Use a small table saw to cut it to size and use a fine tooth blade (mine was 64 tooth) designed for OSB cutting. Go slow when cutting and then pre drill the holes for the screws before installing it. You can install the gaskets and hardware very easily and it's very strong so if someone steps on it it won't break.
Just an idea.
 
guy in Ohio parting a 250DA checking on his gas cap for me.
Yea, snatch that up ASAP. You'll be so far ahead. What happened to me let be a lesson to others. There is the small chain that connects the cap to the inside of the filler tube. Well, you get so accustomed to just unscrewing and letting her go that its second nature. Problem is that little screw that holds the inner chain on, after what, 10-15 years, wears loose. Then, the next time you let-er-go, Doh! The smallest of details can cause the biggest issues........
 
I bought two new Bowmar hatches from Defender, about $500 each. Unfortunately nothing currently made fits the holes in my deck, so I picked slightly larger ones and enlarged the cutouts to fit.

I took the time to scrape out an inch or so of old deck core around the cutout (which was mostly dry, but for one corner of the salon hatch which had rotted out) and filled in the gap with thickened epoxy.

You don't have to bed the hatch in with 4200, a more maintenance-friendly alternative is to use a continuous thick bead of butyl tape.

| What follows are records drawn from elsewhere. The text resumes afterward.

(* For every integer $n\geq 1$ let $a_n=\sqrt[n+1]{(n+1)!}-\sqrt[n]{n!}$. Then the sequence $(a_n)_{n\geq1}$ is strictly decreasing, i.e. $a_{n+1}<a_n$ for every integer $n\geq 1$.
   Context: The sequence $a_n$ is called the Lalescu sequence. *)

From Stdlib Require Import Reals Lra Lia Factorial.
Open Scope R_scope.

(* n-th root of a positive real x: x^(1/n) via Rpower (x > 0 here since k! >= 1). *)
Definition nth_root (n : nat) (x : R) : R := Rpower x (/ INR n).

Definition lalescu (n : nat) : R :=
  nth_root (S n) (INR (fact (S n))) - nth_root n (INR (fact n)).

From Stdlib Require Import Reals Lra Lia Factorial List.
From Coquelicot Require Import Coquelicot.
Import ListNotations.
Open Scope R_scope.

(* Write b_n = ln (n!) / n, so that the n-th root of n! is e^(b_n). Factoring out e^(b_(n+1)),
   a_(n+1) < a_n becomes e^(-x) + e^y < 2 with x = b_(n+1) - b_n and y = b_(n+2) - b_(n+1).

   For n >= 8, the bounds n ln n - n + 1 <= ln n! <= (n + 1/2) ln n - n + 1 and Taylor bounds on
   ln (1 + 1/n), ln (1 + 2/n) bound x below and y above; Taylor polynomials then bound e^(-x) and
   e^y. In the variables u = 1/n, t = ln n / n and g = (Stirling gap) / n, 2 minus the sum of
   these Taylor polynomials equals u^2 / ((1+u)(1+2u))^4 times
   -(t/2 - g)^2 + u (1/2 + ...) + u^2 K(u,t,g), all lower-order terms having cancelled. Since
   (ln n)^2 <= 9n/16, the term -(t/2 - g)^2 >= -9u/64 is dominated by u/2, and K >= 0 follows from
   a crude estimate of its monomials on a box.
   The cases n <= 7 are checked with four-digit rational bounds on the roots. *)

Lemma nondecreasing_from_0 (f df : R -> R) (x : R) : 0 <= x ->
  (forall c, 0 <= c -> is_derive f c (df c)) ->
  (forall c, 0 < c -> 0 <= df c) -> f 0 <= f x.
Proof.
  intros Hx Hf Hdf; destruct (Req_dec x 0) as [->|Hx0]; [lra|].
  destruct (MVT_cor2 f df 0 x) as [c [Hfx Hc]]; [lra| |].
  - intros c Hc; apply is_derive_Reals, Hf; lra.
  - assert (0 <= df c) by (apply Hdf; lra); nra.
Qed.

Lemma exp_le_compat x y : x <= y -> exp x <= exp y.
Proof. intros [Hlt | ->]; [left; apply exp_increasing, Hlt | right; reflexivity]. Qed.

Lemma exp_neg_le_of_derive (G H : R -> R) (x : R) : 0 <= x -> G 0 = 1 ->
  (forall c, is_derive G c (- H c)) -> (forall c, 0 <= c -> H c <= exp (- c)) ->
  exp (- x) <= G x.
Proof.
  intros Hx HG0 HG HH.
  enough (G 0 - exp (- 0) <= G x - exp (- x)) by (rewrite HG0, Ropp_0, exp_0 in *; lra).
  apply (nondecreasing_from_0 (fun y => G y - exp (- y)) (fun c => exp (- c) - H c) x Hx).
  - intros c _; replace (exp (- c) - H c) with (- H c - - exp (- c)) by ring.
    apply (is_derive_minus G (fun y => exp (- y))); [apply HG | auto_derive; auto; ring].
  - intros c Hc; specialize (HH c); lra.
Qed.

Lemma exp_neg_ge_of_derive (G H : R -> R) (x : R) : 0 <= x -> G 0 = 1 ->
  (forall c, is_derive G c (- H c)) -> (forall c, 0 <= c -> exp (- c) <= H c) ->
  G x <= exp (- x).
Proof.
  intros Hx HG0 HG HH.
  enough (exp (- 0) - G 0 <= exp (- x) - G x) by (rewrite HG0, Ropp_0, exp_0 in *; lra).
  apply (nondecreasing_from_0 (fun y => exp (- y) - G y) (fun c => H c - exp (- c)) x Hx).
  - intros c _; replace (H c - exp (- c)) with (- exp (- c) - - H c) by ring.
    apply (is_derive_minus (fun y => exp (- y)) G); [auto_derive; auto; ring | apply HG].
  - intros c Hc; specialize (HH c); lra.
Qed.

Lemma exp_neg_le_1 x : 0 <= x -> exp (- x) <= 1.
Proof.
  intros Hx; apply (exp_neg_le_of_derive (fun _ => 1) (fun _ => 0)); auto.
  - intros c; auto_derive; auto; ring.
  - intros c _; left; apply exp_pos.
Qed.

Lemma exp_neg_ge_taylor1 x : 0 <= x -> 1 - x <= exp (- x).
Proof.
  intros Hx; apply (exp_neg_ge_of_derive (fun x => 1 - x) (fun _ => 1)); auto.
  - ring.
  - intros c; auto_derive; auto; ring.
  - exact exp_neg_le_1.
Qed.

Lemma exp_neg_le_taylor2 x : 0 <= x -> exp (- x) <= 1 - x + x ^ 2 / 2.
Proof.
  intros Hx; apply (exp_neg_le_of_derive (fun x => 1 - x + x ^ 2 / 2) (fun c => 1 - c)); auto.
  - field.
  - intros c; auto_derive; auto; field.
  - exact exp_neg_ge_taylor1.
Qed.

Lemma exp_neg_ge_taylor3 x : 0 <= x -> 1 - x + x ^ 2 / 2 - x ^ 3 / 6 <= exp (- x).
Proof.
  intros Hx.
  apply (exp_neg_ge_of_derive (fun x => 1 - x + x ^ 2 / 2 - x ^ 3 / 6)
           (fun c => 1 - c + c ^ 2 / 2)); auto.
  - field.
  - intros c; auto_derive; auto; field.
  - exact exp_neg_le_taylor2.
Qed.

Lemma exp_neg_le_taylor4 x : 0 <= x -> exp (- x) <= 1 - x + x ^ 2 / 2 - x ^ 3 / 6 + x ^ 4 / 24.
Proof.
  intros Hx.
  apply (exp_neg_le_of_derive (fun x => 1 - x + x ^ 2 / 2 - x ^ 3 / 6 + x ^ 4 / 24)
           (fun c => 1 - c + c ^ 2 / 2 - c ^ 3 / 6)); auto.
  - field.
  - intros c; auto_derive; auto; field.
  - exact exp_neg_ge_taylor3.
Qed.

Lemma exp_le_poly4 y : 0 <= y -> y <= 1/4 -> exp y <= 1 + y + y ^ 2 / 2 + y ^ 3 / 6 + y ^ 4 / 8.
Proof.
  intros Hy0 Hy1.
  set (D := 1 - y + y ^ 2 / 2 - y ^ 3 / 6).
  assert (HD : D <= exp (- y)) by exact (exp_neg_ge_taylor3 y Hy0).
  assert (HD0 : 0 < D) by (unfold D; nra).
  assert (Hprod : 1 <= (1 + y + y ^ 2 / 2 + y ^ 3 / 6 + y ^ 4 / 8) * D).
  { assert (0 <= y ^ 4) by (apply pow_le; lra).
    assert (0 <= y ^ 4 * (1/24 - y/8 + y^2*(1/16 - 1/36) - y^3/48)) by (apply Rmult_le_pos; nra).
    unfold D; nra. }
  assert (Hinv : exp y * exp (- y) = 1) by (rewrite <- exp_plus, Rplus_opp_r; apply exp_0).
  assert (0 < exp y) by apply exp_pos.
  nra.
Qed.

Lemma ln_1p_le v : 0 <= v -> ln (1 + v) <= v.
Proof.
  intros Hv; rewrite <- (ln_exp v) at 2.
  apply ln_le; [lra | apply exp_ineq1_le].
Qed.

Lemma ln_1p_ge_of_derive (F f : R -> R) (v : R) : 0 <= v -> F 0 = 0 ->
  (forall c, 0 <= c -> is_derive F c (f c)) -> (forall c, 0 < c -> f c <= / (1 + c)) ->
  F v <= ln (1 + v).
Proof.
  intros Hv HF0 HF Hf.
  enough (ln (1 + 0) - F 0 <= ln (1 + v) - F v) by (rewrite Rplus_0_r, ln_1, HF0 in *; lra).
  apply (nondecreasing_from_0 (fun y => ln (1 + y) - F y) (fun c => / (1 + c) - f c) v Hv).
  - intros c Hc; replace (/ (1 + c) - f c) with (/ (1 + c) * 1 - f c) by ring.
    apply (is_derive_minus (fun y => ln (1 + y)) F); [auto_derive; lra | apply HF; lra].
  - intros c Hc; specialize (Hf c Hc); lra.
Qed.

Lemma ln_1p_le_of_derive (F f : R -> R) (v : R) : 0 <= v -> F 0 = 0 ->
  (forall c, 0 <= c -> is_derive F c (f c)) -> (forall c, 0 < c -> / (1 + c) <= f c) ->
  ln (1 + v) <= F v.
Proof.
  intros Hv HF0 HF Hf.
  enough (F 0 - ln (1 + 0) <= F v - ln (1 + v)) by (rewrite Rplus_0_r, ln_1, HF0 in *; lra).
  apply (nondecreasing_from_0 (fun y => F y - ln (1 + y)) (fun c => f c - / (1 + c)) v Hv).
  - intros c Hc; replace (f c - / (1 + c)) with (f c - / (1 + c) * 1) by ring.
    apply (is_derive_minus F (fun y => ln (1 + y))); [apply HF; lra | auto_derive; lra].
  - intros c Hc; specialize (Hf c Hc); lra.
Qed.

Lemma ln_1p_ge_taylor4 v : 0 <= v -> v - v ^ 2 / 2 + v ^ 3 / 3 - v ^ 4 / 4 <= ln (1 + v).
Proof.
  intros Hv; apply (ln_1p_ge_of_derive (fun v => v - v ^ 2 / 2 + v ^ 3 / 3 - v ^ 4 / 4)
                                 (fun c => 1 - c + c ^ 2 - c ^ 3)); auto.
  - field.
  - intros c _; auto_derive; auto; field.
  - intros c Hc; replace (/ (1 + c)) with (1 - c + c ^ 2 - c ^ 3 + c ^ 4 / (1 + c)) by (field; lra).
    assert (0 <= c ^ 4 / (1 + c)) by (apply Rdiv_le_0_compat; [apply pow_le|]; lra); lra.
Qed.

Lemma ln_1p_le_taylor3 v : 0 <= v -> ln (1 + v) <= v - v ^ 2 / 2 + v ^ 3 / 3.
Proof.
  intros Hv.
  apply (ln_1p_le_of_derive (fun v => v - v ^ 2 / 2 + v ^ 3 / 3) (fun c => 1 - c + c ^ 2)); auto.
  - field.
  - intros c _; auto_derive; auto; field.
  - intros c Hc; replace (/ (1 + c)) with (1 - c + c ^ 2 - c ^ 3 / (1 + c)) by (field; lra).
    assert (0 <= c ^ 3 / (1 + c)) by (apply Rdiv_le_0_compat; [apply pow_le|]; lra); lra.
Qed.

Lemma ln_1p_ge_pade v : 0 <= v -> 2 * v / (2 + v) <= ln (1 + v).
Proof.
  intros Hv; apply (ln_1p_ge_of_derive (fun v => 2 * v / (2 + v)) (fun c => 4 / (2 + c) ^ 2)); auto.
  - field.
  - intros c Hc; auto_derive; [lra | field; lra].
  - intros c Hc; replace (/ (1 + c)) with (4 / (2 + c) ^ 2 + c ^ 2 / ((1 + c) * (2 + c) ^ 2))
      by (field; lra).
    assert (0 <= c ^ 2 / ((1 + c) * (2 + c) ^ 2)); [|lra].
    apply Rdiv_le_0_compat; [apply pow_le; lra|].
    apply Rmult_lt_0_compat; [lra | apply pow_lt; lra].
Qed.

Lemma ln_le_3_8_mul s : 0 < s -> ln s <= 3/8 * s.
Proof.
  intros Hs.
  (* [ln s <= s / e] from [x <= exp (x - 1)], and [1/e <= 3/8] is the Taylor bound at 1. *)
  assert (Hexp := exp_ineq1_le (ln s - 1)).
  unfold Rminus in Hexp; rewrite exp_plus, exp_ln in Hexp by lra.
  assert (Hinv := exp_neg_le_taylor4 1 ltac:(lra)).
  assert (0 < exp (- (1))) by apply exp_pos.
  nra.
Qed.

Lemma sqr_ln_le x : 1 <= x -> ln x ^ 2 <= 9/16 * x.
Proof.
  intros Hx.
  assert (Hs : 0 < sqrt x) by (apply sqrt_lt_R0; lra).
  assert (Hsq := sqrt_sqrt x ltac:(lra)).
  assert (Hln : ln x = 2 * ln (sqrt x)).
  { rewrite <- Hsq at 1; rewrite ln_mult by lra; ring. }
  assert (Hln_s := ln_le_3_8_mul (sqrt x) Hs).
  assert (0 <= ln x) by (rewrite <- ln_1; apply ln_le; lra).
  nra.
Qed.

Lemma ln_add_eq x v : 0 < x -> 0 <= v -> ln (x + v) = ln x + ln (1 + v / x).
Proof.
  intros Hx Hv.
  rewrite <- ln_mult by (try apply Rplus_lt_le_0_compat; try apply Rdiv_le_0_compat; lra).
  f_equal; field; lra.
Qed.

Lemma INR_fact_S k : INR (fact (S k)) = (INR k + 1) * INR (fact k).
Proof. change (fact (S k)) with (S k * fact k)%nat; rewrite mult_INR, S_INR; reflexivity. Qed.

Lemma ln_fact_S k : ln (INR (fact (S k))) = ln (INR k + 1) + ln (INR (fact k)).
Proof.
  rewrite INR_fact_S; apply ln_mult; [pose proof (pos_INR k); lra | apply INR_fact_lt_0].
Qed.

Lemma ln_fact_bounds n : (1 <= n)%nat ->
  INR n * ln (INR n) - INR n + 1 <= ln (INR (fact n)) <=
  (INR n + /2) * ln (INR n) - INR n + 1.
Proof.
  induction n as [|n IH]; intros Hn; [lia|].
  destruct (Nat.eq_dec n 0) as [->|Hn0]; [simpl; rewrite Rmult_1_l, ln_1; lra|].
  specialize (IH ltac:(lia)).
  assert (HN : 1 <= INR n) by (apply (le_INR 1); lia).
  rewrite ln_fact_S, S_INR, (ln_add_eq (INR n) 1) by lra.
  set (N := INR n) in *; set (al := ln (1 + 1 / N)).
  assert (Hv : 0 <= 1 / N) by (apply Rdiv_le_0_compat; lra).
  (* the step needs exactly [N ln(1 + 1/N) <= 1 <= (N + 1/2) ln(1 + 1/N)] *)
  assert (Hup : N * al <= 1).
  { assert (al <= 1 / N) by exact (ln_1p_le _ Hv).
    apply Rle_trans with (N * (1 / N)); [apply Rmult_le_compat_l | right; field]; lra. }
  assert (Hlow : 1 <= (N + /2) * al).
  { assert (2 * (1 / N) / (2 + 1 / N) <= al) by exact (ln_1p_ge_pade _ Hv).
    apply Rle_trans with ((N + /2) * (2 * (1 / N) / (2 + 1 / N)));
      [right; field | apply Rmult_le_compat_l]; lra. }
  split; lra.
Qed.

Inductive term3 := Term (c : R) (i j k : nat).

Definition coef (m : term3) : R := let '(Term c _ _ _) := m in c.

Definition eval_term3 (u t g : R) (m : term3) : R :=
  let '(Term c i j k) := m in c * (u ^ i * t ^ j * g ^ k).

Definition poly3 (p : list term3) (u t g : R) : R :=
  fold_right (fun m s => eval_term3 u t g m + s) 0 p.

Lemma monomial_bounds u t g U T G i j k : 0 <= u <= U -> 0 <= t <= T -> 0 <= g <= G ->
  0 <= u ^ i * t ^ j * g ^ k <= U ^ i * T ^ j * G ^ k.
Proof.
  intros Hu Ht Hg.
  assert (Hi := pow_incr u U i Hu); assert (Hj := pow_incr t T j Ht);
    assert (Hk := pow_incr g G k Hg).
  assert (0 <= u ^ i) by (apply pow_le; lra); assert (0 <= t ^ j) by (apply pow_le; lra);
    assert (0 <= g ^ k) by (apply pow_le; lra).
  split; [apply Rmult_le_pos; [apply Rmult_le_pos|]; lra|].
  apply Rmult_le_compat; [apply Rmult_le_pos; lra | lra | | lra].
  apply Rmult_le_compat; lra.
Qed.

Lemma poly3_bounds p u t g U T G : List.Forall (fun m => 0 <= coef m) p ->
  0 <= u <= U -> 0 <= t <= T -> 0 <= g <= G ->
  0 <= poly3 p u t g <= poly3 p U T G.
Proof.
  intros Hp Hu Ht Hg; induction Hp as [|[c i j k] p Hc _ IH]; simpl in *; [lra|].
  destruct (monomial_bounds u t g U T G i j k Hu Ht Hg).
  split; [|apply Rplus_le_compat; [apply Rmult_le_compat_l|]]; nra.
Qed.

Also a good idea to through-bolt the hatch rather than using screws, and wrap the bots with butyl tape. 89P270 is dead right about old silicone caulk though, that stuff is a pig to remove and by far the worst part of the job.

The job was messy, but not difficult (except for the old silicone), and was quite comfortably done under shrinkwrap where you're not racing the weather.